## [Task brief]
Filter the records for lines holding the string "Require".

Extracted records
Definition cnt_z N (s : sample N) (z : Z) : nat :=
  #|[set n : 'I_N | (s n).2 == z]|.
Definition cnt_xz N (s : sample N) (x : X) (z : Z) : nat :=
  #|[set n : 'I_N | ((s n).1.1 == x) && ((s n).2 == z)]|.
Definition cnt_xyz N (s : sample N) (x : X) (y : Y) (z : Z) : nat :=
  #|[set n : 'I_N | [&& (s n).1.1 == x, (s n).1.2 == y & (s n).2 == z]]|.

Definition phat_z N (s : sample N) (z : Z) : R := (cnt_z s z)%:R / N%:R.
Definition phat_y_xz N (s : sample N) (y : Y) (x : X) (z : Z) : R :=
  (cnt_xyz s x y z)%:R / (cnt_xz s x z)%:R.
Definition mhat N (s : sample N) (xt : X) (y : Y) : R :=
  \sum_(z : Z) phat_y_xz s y xt z * phat_z s z.

(* the half-width h (meaningful when every count #x~z is positive;
   otherwise h = +oo, handled in [in_CI]) *)
Definition hwidth N (s : sample N) (xt : X) (delta : R) : R :=
  let L := ln (4 * #|Z|%:R / delta) in
  #|Z|%:R * Num.sqrt (L / (2 * N%:R))
  + \sum_(z : Z) Num.sqrt (L / (2 * (cnt_xz s xt z)%:R)).

(* the event P(y | do(x~)) \in [m - h, m + h]; always true when h = +oo *)
Definition in_CI (P : point -> R) N (xt : X) (y : Y) (delta : R) (s : sample N) : bool :=
  [forall z : Z, (0 < cnt_xz s xt z)%N] ==>
  (mhat s xt y - hwidth s xt delta <= do_param P xt y <= mhat s xt y + hwidth s xt delta).

End BackdoorCI.

From mathcomp Require Import all_boot all_order all_algebra.
From mathcomp Require Import reals exp.
From mathcomp Require Import classical_sets topology normedtype sequences.
From mathcomp Require Import derive realfun.
From mathcomp Require Import ring lra.
Import Order.TTheory GRing.Theory Num.Theory numFieldNormedType.Exports.
Local Open Scope ring_scope.
Set Implicit Arguments. Unset Strict Implicit. Unset Printing Implicit Defensive.

(* Since m - P(y | do(x~)) = sum_z (phat(y|x~,z) - p(y|x~,z)) phat(z)
   + sum_z p(y|x~,z) (phat(z) - p(z)) with all factors in [0, 1], the interval
   can only fail if phat(z) or phat(y|x~,z) misses its probability by more than
   the corresponding summand of h.  For phat(z) this is Hoeffding's inequality.
   For phat(y|x~,z) condition on the set of indices n with (X_n, Z_n) = (x~, z):
   given that set, the indicators of Y_n = y on it are i.i.d. Bernoulli, so
   Hoeffding's inequality holds with #x~z in place of N.  Both are proved by the
   Chernoff method from Hoeffding's lemma E exp(mu (B - q)) <= exp(mu^2 / 8).
   Each of the 4|Z| one-sided deviations then has probability at most
   exp(- ln (4|Z| / delta)) = delta / (4|Z|), and a union bound concludes. *)

Lemma MVT_from0 (R : realType) (f df : R -> R) (m : R) :
  (forall x : R, is_derive x 1 f (df x)) ->
  exists2 c, 0 <= c * m & f m - f 0 = df c * m.
Proof.
move=> f_df; have f_cont (A : set R) : {within A, continuous f}%classic.
  apply: continuous_subspaceT => x.
  by apply/differentiable_continuous/derivable1_diffP; case: (f_df x).
have [m_ge0|m_lt0] := leP 0 m.
  have [c /andP[c_ge0 _] ->] := MVT_segment m_ge0 (fun x _ => f_df x) (f_cont _).
  by exists c; rewrite ?subr0 // mulr_ge0.
have [c /andP[_ c_le0] fE] := MVT_segment (ltW m_lt0) (fun x _ => f_df x) (f_cont _).
exists c; first by rewrite mulr_le0 // ltW.
by rewrite -opprB fE sub0r mulrN opprK.
Qed.

Section HoeffdingLemma.
Variables (R : realType) (r : R).
Hypotheses (r_ge0 : 0 <= r) (r_le1 : r <= 1).

Definition bernoulli_mgf (m : R) : R := 1 - r + r * expR m.

(* [m^2 / 8 - ln E exp (m (B - r))] for [B] a Bernoulli variable of mean [r]. *)
Definition hoeffding_gap (m : R) : R := m * m / 8 + r * m - ln (bernoulli_mgf m).
Definition hoeffding_gap' (m : R) : R := m / 4 + r - r * expR m / bernoulli_mgf m.
Definition hoeffding_gap'' (m : R) : R :=
  4^-1 - r * (1 - r) * expR m / bernoulli_mgf m ^+ 2.
(* Let $\mathcal{G}$ be a network with non-monitor set $N$ and set of measurement paths $P$, let $S\subseteq N$ and $k\ge1$. (a) If for every failure set $F\subseteq N$ with $|F|\le k$ and every node $v\in S\setminus F$ there exists $p\in P$ traversing $v$ but none of the nodes of $F$, then $S$ is $k$-identifiable. (b) If $S$ is $k$-identifiable, then for every failure set $F\subseteq N$ with $|F|\le k-1$ and every node $v\in S\setminus F$ there exists $p\in P$ traversing $v$ but none of the nodes of $F$.
   Context: $\mathcal{G}$ is a finite connected undirected graph whose node set is partitioned into monitors $M$ and non-monitors $N$; $P$ is an arbitrary set of measurement paths. A failure set is any $F\subseteq N$; a path fails iff it traverses a node of $F$. $P_F$ is the set of paths in $P$ traversing at least one node of $F$; $F_1,F_2$ are distinguishable iff $P_{F_1}\ne P_{F_2}$. $S\subseteq N$ is $k$-identifiable if any two failure sets $F_1,F_2$ with $|F_1|,|F_2|\le k$ and $F_1\cap S\ne F_2\cap S$ are distinguishable. *)

From mathcomp Require Import all_boot.
Set Implicit Arguments. Unset Strict Implicit. Unset Printing Implicit Defensive.

(* A network: finite connected simple undirected graph on node type V with
   adjacency relation e; node set partitioned into monitors M and
   non-monitors N := ~: M. *)
Definition simple_graph (V : finType) (e : rel V) : Prop :=
  symmetric e /\ irreflexive e.

Definition connected_graph (V : finType) (e : rel V) : Prop :=
  forall x y : V, connect e x y.

Definition nonmonitors (V : finType) (M : {set V}) : {set V} := ~: M.

Definition is_graph_path (V : finType) (e : rel V) (p : seq V) : Prop :=
  match p with
  | [::] => False
  | x :: q => path e x q && uniq p
  end.

Definition traverses (V : finType) (p : seq V) (v : V) : bool := v \in p.

Definition failed_paths (V : finType) (P : seq (seq V)) (F : {set V}) :
  seq (seq V) := [seq p <- P | has (fun v => v \in F) p].

Definition distinguishable (V : finType) (P : seq (seq V)) (F1 F2 : {set V}) :
  Prop := failed_paths P F1 <> failed_paths P F2.

Definition k_identifiable (V : finType) (M : {set V}) (P : seq (seq V))
  (k : nat) (S : {set V}) : Prop :=
  forall F1 F2 : {set V},
    F1 \subset nonmonitors M -> F2 \subset nonmonitors M ->
    #|F1| <= k -> #|F2| <= k ->
    F1 :&: S != F2 :&: S ->
    distinguishable P F1 F2.

Definition separating_condition (V : finType) (M : {set V}) (P : seq (seq V))
  (m : nat) (S : {set V}) : Prop :=
  forall F : {set V}, F \subset nonmonitors M -> #|F| <= m ->
    forall v : V, v \in S :\: F ->
      exists2 p, p \in P & traverses p v && ~~ has (fun u => u \in F) p.

From mathcomp Require Import all_boot.

(* (a) If F1 and F2 differ on some v in S, say v in F1 \ F2, a path through v
   avoiding F2 fails under F1 but not under F2.
   (b) If every path through v already meets F, then adding v to F changes no
   failed path, while F and v |: F (of size at most k) differ on S.
   Neither direction uses the graph: P may be any family of node sequences. *)

Lemma setI_neq_witness (T : finType) (A B S : {set T}) :
  A :&: S != B :&: S -> exists2 v, v \in S & (v \in A) != (v \in B).
Proof.
move=> neqAB; have /existsP[v] : [exists v, (v \in A :&: S) != (v \in B :&: S)].
  apply: contraR neqAB => /existsPn eqAB; apply/eqP/setP => x.
  exact/eqP/negPn/eqAB.
rewrite !inE; case vS: (v \in S); rewrite ?andbT ?andbF // => ?.
by exists v.
Qed.

Section FailedPaths.

Variables (V : finType) (P : seq (seq V)).

Lemma distinguishable_witness (F1 F2 : {set V}) (p : seq V) :
  p \in P -> has (fun u => u \in F1) p -> ~~ has (fun u => u \in F2) p ->
  distinguishable P F1 F2.
Proof.
move=> pP pF1 pF2 eqP12.
have : p \in failed_paths P F1 by rewrite mem_filter pF1.
by rewrite eqP12 mem_filter (negbTE pF2).
Qed.

Lemma failed_paths_setU1 (F : {set V}) (v : V) :
  (forall p, p \in P -> v \in p -> has (fun u => u \in F) p) ->
  failed_paths P (v |: F) = failed_paths P F.
Proof.
move=> vF; apply: eq_in_filter => p pP.
have -> : has (fun u => u \in v |: F) p = has (pred1 v) p || has (mem F) p.
  by rewrite -has_predU; apply: eq_has => u; rewrite !inE.
by rewrite has_pred1; case vp: (v \in p) => //=; rewrite vF.
Qed.

Variables (M : {set V}) (S : {set V}).

Lemma separating_identifiable (k : nat) :
  separating_condition M P k S -> k_identifiable M P k S.
Proof.
move=> sep F1 F2 F1N F2N F1k F2k /setI_neq_witness[v vS vF12].
wlog /andP[vF1 vF2] : F1 F2 F1N F2N F1k F2k {vF12} / (v \in F1) && (v \notin F2).
  move=> IH; case: (boolP (v \in F1)) vF12 => vF1; case: (boolP (v \in F2)) => //= vF2 _.
    by apply: IH; rewrite ?vF1.
  by move=> eqF12; apply: (IH F2 F1) => //; rewrite ?vF2 // eqF12.
have [|p pP /andP[vp pF2]] := sep F2 F2N F2k v; first by rewrite !inE vF2.
by apply: distinguishable_witness pP _ pF2; apply/hasP; exists v.
Qed.

Lemma identifiable_separating (m : nat) :
  S \subset nonmonitors M ->
  k_identifiable M P m.+1 S -> separating_condition M P m S.
Proof.
move=> SN kid F FN Fm v; rewrite !inE => /andP[vF vS].
apply/hasP; apply: contraT => /hasPn noPath; exfalso.
have vFN : v |: F \subset nonmonitors M.
  by rewrite subUset sub1set (subsetP SN).
have vFm : #|v |: F| <= m.+1 by rewrite cardsU1 vF.
have FvF_S : F :&: S != (v |: F) :&: S.
  apply: contraNneq vF => /setP/(_ v); by rewrite !inE eqxx vS !andbT => ->.
apply: (kid F (v |: F) FN vFN (leqW Fm) vFm FvF_S).
apply/esym/failed_paths_setU1 => p pP vp.
by have := noPath p pP; rewrite /traverses vp negbK.
Qed.

End FailedPaths.

Theorem lemma1 (V : finType) (e : rel V) (M : {set V}) (P : seq (seq V))
  (S : {set V}) (k : nat) :
  simple_graph e -> connected_graph e ->
  (forall p, p \in P -> is_graph_path e p) ->
  S \subset nonmonitors M -> 1 <= k ->
  (separating_condition M P k S -> k_identifiable M P k S) /\
  (k_identifiable M P k S -> separating_condition M P k.-1 S).
Proof.
move=> _ _ _ SN k_gt0; split; first exact: separating_identifiable.
by rewrite -{1}(prednK k_gt0); exact: identifiable_separating.
Qed.
(* Linear barrier: its left boundary value is controlled by [left_estimate],
   it exceeds B on the right, and it is strict because
   lam < L^alpha * M / 2 by [Hkey]. *)
Lemma linear_barrier (t r : R) : 0 <= t < 3 * t0 / 2 ->
  x - kap <= r <= x + 3 * h / 2 + (B + dl) / L -> m t r <= M + L * (r - x) - lam * t.
Proof.
  intros Ht Hr; pose proof B_nonneg.
  assert (HL : 0 < L) by (unfold L; apply Rdiv_lt_0_compat; lra).
  assert (HLkap : L * kap = dl / 16) by (unfold L, kap; field; lra).
  assert (Hlam_t : forall s, 0 <= s <= 3 * t0 / 2 -> 0 <= lam * s <= 3 * dl / 4).
  { intros s Hs; replace (3 * dl / 4) with (lam * (3 * t0 / 2)) by (unfold lam; field; lra).
    assert (0 < lam) by (unfold lam; apply Rdiv_lt_0_compat; lra).
    split; [apply Rmult_le_pos|apply Rmult_le_compat_l]; lra. }
  assert (Hb : 0 < (B + dl) / L) by (apply Rdiv_lt_0_compat; lra).
  replace (M + L * (r - x) - lam * t) with ((M + - lam * t) + (- (L * x) + L * r)) by ring.
  apply (comparison_separable alpha m m_sub (fun t => M + - lam * t) (fun r => - (L * x) + L * r)
           (fun _ => - lam) (fun _ => L) (3 * t0 / 2) (x - kap) (x + 3 * h / 2 + (B + dl) / L));
    try (unfold kap in *; lra).
  - apply m_unif; unfold kap; lra.
  - intros s _; apply derivable_affine.
  - intros q _; apply derivable_affine.
  - intros q Hq; pose proof (m_init q ltac:(unfold kap in *; lra)).
    destruct (Rle_or_lt q x).
    + pose proof (m0_gap q ltac:(unfold kap in *; lra)).
      assert (L * (x - kap) <= L * q) by (apply Rmult_le_compat_l; lra).
      lra.
    + pose proof (m0_le_M q ltac:(lra)).
      assert (L * x <= L * q) by (apply Rmult_le_compat_l; lra).
      lra.
  - intros s Hs; pose proof (Hlam_t s Hs); split.
    + pose proof (left_estimate s (x - kap) Hs ltac:(unfold kap; lra)); lra.
    + set (b := x + 3 * h / 2 + (B + dl) / L).
      replace (- (L * x) + L * b) with (L * (3 * h / 2) + B + dl)
        by (unfold b; field; apply Rgt_not_eq; exact HL).
      assert (0 < L * (3 * h / 2)) by (apply Rmult_lt_0_compat; lra).
      pose proof (m_bound s b ltac:(split; unfold b; lra)); pose proof (Rle_abs (m s b)).
      lra.
  - intros s q v Hs Hq Hv.
    pose proof (Hlam_t s ltac:(lra)).
    assert (L * (x - kap) <= L * q) by (apply Rmult_le_compat_l; lra).
    assert (Hv2 : M / 2 < v) by lra.
    rewrite pos_pow_pos by exact HL.
    assert (lam < Rpower L alpha * (M / 2)).
    { unfold lam; unfold L in Hkey |- *.
      replace (dl / (2 * t0)) with (/ (M * t0) * dl * (M / 2)) by (field; lra).
      apply Rmult_lt_compat_r; lra. }
    pose proof (Rpower_gt_0 L alpha); nra.
Qed.

Lemma below_M_at_t0 (r : R) : 0 <= r <= x + 3 * h / 2 -> m t0 r < M.
Proof.
  intros Hr; destruct (Rle_or_lt r (x - kap)) as [Hleft|Hright].
  - pose proof (left_estimate t0 r ltac:(lra) ltac:(lra)); lra.
  - assert (HL : 0 < L) by (unfold L; apply Rdiv_lt_0_compat; lra).
    assert (0 < (B + dl) / L) by (apply Rdiv_lt_0_compat; pose proof B_nonneg; lra).
    pose proof (linear_barrier t0 r ltac:(lra) ltac:(lra)).
    assert (L * (r - x) <= L * (3 * h / 2)) by (apply Rmult_le_compat_l; lra).
    replace (L * (3 * h / 2)) with (3 * dl / 8) in * by (unfold L; field; lra).
    assert (lam * t0 = dl / 2) by (unfold lam; field; lra).
    lra.
Qed.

## [Output]
From mathcomp Require Import all_boot all_order all_algebra.
From mathcomp Require Import reals exp.
From mathcomp Require Import classical_sets topology normedtype sequences.
From mathcomp Require Import derive realfun.
From mathcomp Require Import ring lra.
From mathcomp Require Import all_boot.
From mathcomp Require Import all_boot.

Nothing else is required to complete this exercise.